Dataset entries
§ §
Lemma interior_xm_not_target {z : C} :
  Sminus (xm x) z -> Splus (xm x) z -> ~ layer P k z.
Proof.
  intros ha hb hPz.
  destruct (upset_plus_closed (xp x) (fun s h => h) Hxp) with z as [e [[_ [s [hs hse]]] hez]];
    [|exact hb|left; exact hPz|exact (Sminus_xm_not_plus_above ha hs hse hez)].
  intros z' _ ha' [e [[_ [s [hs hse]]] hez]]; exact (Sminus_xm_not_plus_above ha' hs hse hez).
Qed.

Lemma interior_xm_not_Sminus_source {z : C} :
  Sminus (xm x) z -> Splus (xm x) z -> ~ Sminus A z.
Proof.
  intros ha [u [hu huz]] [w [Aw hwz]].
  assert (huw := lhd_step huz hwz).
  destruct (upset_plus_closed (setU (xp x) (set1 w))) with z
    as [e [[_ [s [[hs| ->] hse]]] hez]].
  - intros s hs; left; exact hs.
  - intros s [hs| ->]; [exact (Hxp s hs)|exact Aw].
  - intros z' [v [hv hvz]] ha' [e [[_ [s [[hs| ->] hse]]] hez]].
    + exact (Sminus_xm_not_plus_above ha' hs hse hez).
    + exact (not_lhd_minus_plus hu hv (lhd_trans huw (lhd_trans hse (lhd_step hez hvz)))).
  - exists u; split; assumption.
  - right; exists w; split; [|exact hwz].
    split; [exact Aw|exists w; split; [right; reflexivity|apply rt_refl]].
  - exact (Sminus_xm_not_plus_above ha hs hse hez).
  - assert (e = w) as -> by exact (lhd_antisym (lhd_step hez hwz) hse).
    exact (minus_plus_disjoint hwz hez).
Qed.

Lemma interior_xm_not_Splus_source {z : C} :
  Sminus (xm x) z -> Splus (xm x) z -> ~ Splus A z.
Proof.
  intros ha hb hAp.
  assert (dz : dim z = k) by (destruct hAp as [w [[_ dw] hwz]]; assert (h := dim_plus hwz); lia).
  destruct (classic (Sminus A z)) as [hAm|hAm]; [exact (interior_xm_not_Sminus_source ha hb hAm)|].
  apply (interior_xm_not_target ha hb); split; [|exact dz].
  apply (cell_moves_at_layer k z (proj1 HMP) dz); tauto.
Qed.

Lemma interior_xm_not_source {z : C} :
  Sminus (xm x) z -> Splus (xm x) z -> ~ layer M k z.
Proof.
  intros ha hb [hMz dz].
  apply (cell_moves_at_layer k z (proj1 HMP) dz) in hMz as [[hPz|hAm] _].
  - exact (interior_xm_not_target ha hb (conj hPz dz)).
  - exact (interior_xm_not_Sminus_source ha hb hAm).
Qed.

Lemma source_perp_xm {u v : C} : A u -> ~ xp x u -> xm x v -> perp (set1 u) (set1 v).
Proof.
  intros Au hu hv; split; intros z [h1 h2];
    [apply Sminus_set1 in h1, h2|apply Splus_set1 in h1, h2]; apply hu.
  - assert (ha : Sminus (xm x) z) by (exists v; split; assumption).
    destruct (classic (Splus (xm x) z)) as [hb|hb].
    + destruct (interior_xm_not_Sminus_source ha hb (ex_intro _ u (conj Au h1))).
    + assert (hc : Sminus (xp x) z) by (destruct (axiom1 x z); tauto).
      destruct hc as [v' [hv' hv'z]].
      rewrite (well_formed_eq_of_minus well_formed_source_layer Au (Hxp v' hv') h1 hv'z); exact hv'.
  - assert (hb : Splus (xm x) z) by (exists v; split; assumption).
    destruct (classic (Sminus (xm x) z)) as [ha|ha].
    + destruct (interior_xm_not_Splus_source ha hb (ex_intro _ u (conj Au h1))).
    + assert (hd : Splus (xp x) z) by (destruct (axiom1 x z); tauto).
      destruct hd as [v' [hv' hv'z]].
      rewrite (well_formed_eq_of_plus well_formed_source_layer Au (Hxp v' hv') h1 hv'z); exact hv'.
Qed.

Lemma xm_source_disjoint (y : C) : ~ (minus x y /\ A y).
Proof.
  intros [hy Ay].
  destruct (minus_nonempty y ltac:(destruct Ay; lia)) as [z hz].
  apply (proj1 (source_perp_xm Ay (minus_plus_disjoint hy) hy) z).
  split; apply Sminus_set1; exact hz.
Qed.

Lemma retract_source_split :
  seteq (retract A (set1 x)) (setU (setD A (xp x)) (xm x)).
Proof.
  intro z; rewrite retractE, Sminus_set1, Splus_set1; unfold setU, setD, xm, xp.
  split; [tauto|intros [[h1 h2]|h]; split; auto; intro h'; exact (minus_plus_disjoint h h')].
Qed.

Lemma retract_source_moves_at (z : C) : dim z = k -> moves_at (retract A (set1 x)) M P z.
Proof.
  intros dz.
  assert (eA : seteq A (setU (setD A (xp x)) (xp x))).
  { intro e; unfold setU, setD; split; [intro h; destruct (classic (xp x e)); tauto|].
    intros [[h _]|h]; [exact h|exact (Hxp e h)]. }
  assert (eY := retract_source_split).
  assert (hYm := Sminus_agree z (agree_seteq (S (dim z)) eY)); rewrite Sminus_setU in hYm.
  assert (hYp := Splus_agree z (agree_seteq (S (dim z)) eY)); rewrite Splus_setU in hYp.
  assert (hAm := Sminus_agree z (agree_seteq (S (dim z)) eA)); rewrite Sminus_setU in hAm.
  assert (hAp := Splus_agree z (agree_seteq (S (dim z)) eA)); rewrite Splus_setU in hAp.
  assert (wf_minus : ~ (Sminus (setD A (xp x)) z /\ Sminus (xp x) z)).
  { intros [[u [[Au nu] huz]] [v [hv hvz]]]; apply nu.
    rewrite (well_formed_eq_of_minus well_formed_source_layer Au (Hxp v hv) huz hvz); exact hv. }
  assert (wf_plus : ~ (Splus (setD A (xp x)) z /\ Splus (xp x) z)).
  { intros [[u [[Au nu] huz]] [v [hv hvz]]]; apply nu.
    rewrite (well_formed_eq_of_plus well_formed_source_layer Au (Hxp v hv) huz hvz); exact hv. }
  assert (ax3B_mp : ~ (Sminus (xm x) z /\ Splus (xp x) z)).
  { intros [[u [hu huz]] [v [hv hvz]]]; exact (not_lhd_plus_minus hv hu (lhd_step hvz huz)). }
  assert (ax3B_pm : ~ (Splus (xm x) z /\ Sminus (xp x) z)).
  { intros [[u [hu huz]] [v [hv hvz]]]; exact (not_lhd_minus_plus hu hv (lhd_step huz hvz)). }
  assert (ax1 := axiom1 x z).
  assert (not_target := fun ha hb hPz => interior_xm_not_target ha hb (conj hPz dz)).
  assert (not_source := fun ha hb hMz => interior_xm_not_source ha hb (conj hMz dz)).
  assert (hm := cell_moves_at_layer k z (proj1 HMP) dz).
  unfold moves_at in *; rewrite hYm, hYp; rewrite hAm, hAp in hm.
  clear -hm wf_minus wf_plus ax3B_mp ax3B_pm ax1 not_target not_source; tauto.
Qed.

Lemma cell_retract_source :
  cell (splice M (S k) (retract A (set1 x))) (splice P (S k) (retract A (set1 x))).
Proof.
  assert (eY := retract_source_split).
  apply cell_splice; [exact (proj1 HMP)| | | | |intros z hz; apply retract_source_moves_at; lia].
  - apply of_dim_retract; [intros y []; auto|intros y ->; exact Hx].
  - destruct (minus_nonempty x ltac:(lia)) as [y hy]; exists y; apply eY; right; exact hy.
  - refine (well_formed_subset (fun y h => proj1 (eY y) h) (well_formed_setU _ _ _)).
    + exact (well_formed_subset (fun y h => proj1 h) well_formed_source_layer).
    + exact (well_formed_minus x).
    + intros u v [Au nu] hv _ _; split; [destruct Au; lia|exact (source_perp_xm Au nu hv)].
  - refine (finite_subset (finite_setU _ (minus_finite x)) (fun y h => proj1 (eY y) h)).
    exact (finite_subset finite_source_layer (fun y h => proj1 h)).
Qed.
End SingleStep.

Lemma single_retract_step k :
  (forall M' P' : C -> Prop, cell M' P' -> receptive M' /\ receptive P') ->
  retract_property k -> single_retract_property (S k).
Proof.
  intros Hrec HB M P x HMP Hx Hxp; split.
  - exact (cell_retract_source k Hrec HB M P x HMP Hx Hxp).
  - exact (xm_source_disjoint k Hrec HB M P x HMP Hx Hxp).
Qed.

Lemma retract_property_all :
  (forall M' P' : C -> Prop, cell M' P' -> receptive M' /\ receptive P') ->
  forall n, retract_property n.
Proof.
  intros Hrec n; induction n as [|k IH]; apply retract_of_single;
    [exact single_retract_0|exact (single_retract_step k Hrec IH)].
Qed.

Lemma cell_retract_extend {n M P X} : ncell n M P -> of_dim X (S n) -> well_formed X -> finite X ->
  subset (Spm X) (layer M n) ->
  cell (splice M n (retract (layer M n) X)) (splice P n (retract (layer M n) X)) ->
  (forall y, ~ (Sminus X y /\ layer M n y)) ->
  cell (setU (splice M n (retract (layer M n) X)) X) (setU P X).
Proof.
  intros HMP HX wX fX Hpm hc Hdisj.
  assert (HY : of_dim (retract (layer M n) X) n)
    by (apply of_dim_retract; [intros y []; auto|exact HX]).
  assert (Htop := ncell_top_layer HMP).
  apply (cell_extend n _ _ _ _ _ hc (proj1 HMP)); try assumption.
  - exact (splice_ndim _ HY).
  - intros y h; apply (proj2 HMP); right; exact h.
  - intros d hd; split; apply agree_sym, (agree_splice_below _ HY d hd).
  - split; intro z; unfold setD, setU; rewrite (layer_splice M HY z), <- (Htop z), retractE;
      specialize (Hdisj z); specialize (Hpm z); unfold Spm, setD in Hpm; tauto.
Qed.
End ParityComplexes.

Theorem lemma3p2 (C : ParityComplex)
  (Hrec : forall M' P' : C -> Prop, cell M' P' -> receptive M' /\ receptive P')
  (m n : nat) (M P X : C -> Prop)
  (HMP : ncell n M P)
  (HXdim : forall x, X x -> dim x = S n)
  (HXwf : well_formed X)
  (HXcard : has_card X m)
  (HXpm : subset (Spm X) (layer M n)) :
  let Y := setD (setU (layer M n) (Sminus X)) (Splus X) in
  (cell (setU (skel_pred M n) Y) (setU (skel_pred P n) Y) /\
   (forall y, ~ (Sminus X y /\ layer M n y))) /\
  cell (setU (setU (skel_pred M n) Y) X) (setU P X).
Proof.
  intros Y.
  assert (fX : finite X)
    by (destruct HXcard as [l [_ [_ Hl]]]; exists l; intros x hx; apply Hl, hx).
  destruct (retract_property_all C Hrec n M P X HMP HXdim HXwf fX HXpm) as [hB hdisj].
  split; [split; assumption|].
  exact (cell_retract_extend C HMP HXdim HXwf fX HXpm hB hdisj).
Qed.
§ §
Task statement. Which lines hold the word "right"? Return all of them from the records above.

Task response.
  - right; exists w; split; [|exact hwz].
    split; [exact Aw|exists w; split; [right; reflexivity|apply rt_refl]].
  - destruct (minus_nonempty x ltac:(lia)) as [y hy]; exists y; apply eY; right; exact hy.
  - intros y h; apply (proj2 HMP); right; exact h.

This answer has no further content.